Stored items
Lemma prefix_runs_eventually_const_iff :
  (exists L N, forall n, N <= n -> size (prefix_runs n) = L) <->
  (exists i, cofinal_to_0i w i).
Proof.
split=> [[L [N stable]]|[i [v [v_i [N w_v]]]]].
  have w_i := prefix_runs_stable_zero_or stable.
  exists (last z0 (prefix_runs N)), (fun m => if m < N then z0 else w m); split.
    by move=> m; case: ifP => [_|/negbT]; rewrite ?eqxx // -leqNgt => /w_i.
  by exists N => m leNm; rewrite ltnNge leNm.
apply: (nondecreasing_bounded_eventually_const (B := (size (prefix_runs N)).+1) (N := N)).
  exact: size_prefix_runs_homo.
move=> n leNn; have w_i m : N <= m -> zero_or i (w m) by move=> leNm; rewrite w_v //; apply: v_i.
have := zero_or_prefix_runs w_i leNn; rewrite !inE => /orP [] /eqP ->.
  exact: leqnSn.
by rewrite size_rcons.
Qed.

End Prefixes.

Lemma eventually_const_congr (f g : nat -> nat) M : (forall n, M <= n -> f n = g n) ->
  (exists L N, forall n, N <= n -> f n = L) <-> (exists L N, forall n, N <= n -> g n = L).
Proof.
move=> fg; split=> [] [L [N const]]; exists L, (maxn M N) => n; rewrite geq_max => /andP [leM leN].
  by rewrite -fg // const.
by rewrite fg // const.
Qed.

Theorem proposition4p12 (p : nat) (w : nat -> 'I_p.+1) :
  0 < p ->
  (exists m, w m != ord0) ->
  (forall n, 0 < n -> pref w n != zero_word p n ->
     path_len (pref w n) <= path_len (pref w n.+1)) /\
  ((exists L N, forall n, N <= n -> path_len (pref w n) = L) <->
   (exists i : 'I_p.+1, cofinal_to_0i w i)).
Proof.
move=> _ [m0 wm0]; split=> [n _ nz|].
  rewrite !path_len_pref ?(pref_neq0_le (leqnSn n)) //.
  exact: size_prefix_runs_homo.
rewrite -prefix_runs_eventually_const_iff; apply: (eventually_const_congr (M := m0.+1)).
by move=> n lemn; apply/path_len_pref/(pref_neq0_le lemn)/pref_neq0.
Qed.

Problem details
Could the entries above be output once more, exactly as they are?

Expected answer
Lemma prefix_runs_eventually_const_iff :
  (exists L N, forall n, N <= n -> size (prefix_runs n) = L) <->
  (exists i, cofinal_to_0i w i).
Proof.
split=> [[L [N stable]]|[i [v [v_i [N w_v]]]]].
  have w_i := prefix_runs_stable_zero_or stable.
  exists (last z0 (prefix_runs N)), (fun m => if m < N then z0 else w m); split.
    by move=> m; case: ifP => [_|/negbT]; rewrite ?eqxx // -leqNgt => /w_i.
  by exists N => m leNm; rewrite ltnNge leNm.
apply: (nondecreasing_bounded_eventually_const (B := (size (prefix_runs N)).+1) (N := N)).
  exact: size_prefix_runs_homo.
move=> n leNn; have w_i m : N <= m -> zero_or i (w m) by move=> leNm; rewrite w_v //; apply: v_i.
have := zero_or_prefix_runs w_i leNn; rewrite !inE => /orP [] /eqP ->.
  exact: leqnSn.
by rewrite size_rcons.
Qed.

End Prefixes.

Lemma eventually_const_congr (f g : nat -> nat) M : (forall n, M <= n -> f n = g n) ->
  (exists L N, forall n, N <= n -> f n = L) <-> (exists L N, forall n, N <= n -> g n = L).
Proof.
move=> fg; split=> [] [L [N const]]; exists L, (maxn M N) => n; rewrite geq_max => /andP [leM leN].
  by rewrite -fg // const.
by rewrite fg // const.
Qed.

Theorem proposition4p12 (p : nat) (w : nat -> 'I_p.+1) :
  0 < p ->
  (exists m, w m != ord0) ->
  (forall n, 0 < n -> pref w n != zero_word p n ->
     path_len (pref w n) <= path_len (pref w n.+1)) /\
  ((exists L N, forall n, N <= n -> path_len (pref w n) = L) <->
   (exists i : 'I_p.+1, cofinal_to_0i w i)).
Proof.
move=> _ [m0 wm0]; split=> [n _ nz|].
  rewrite !path_len_pref ?(pref_neq0_le (leqnSn n)) //.
  exact: size_prefix_runs_homo.
rewrite -prefix_runs_eventually_const_iff; apply: (eventually_const_congr (M := m0.+1)).
by move=> n lemn; apply/path_len_pref/(pref_neq0_le lemn)/pref_neq0.
Qed.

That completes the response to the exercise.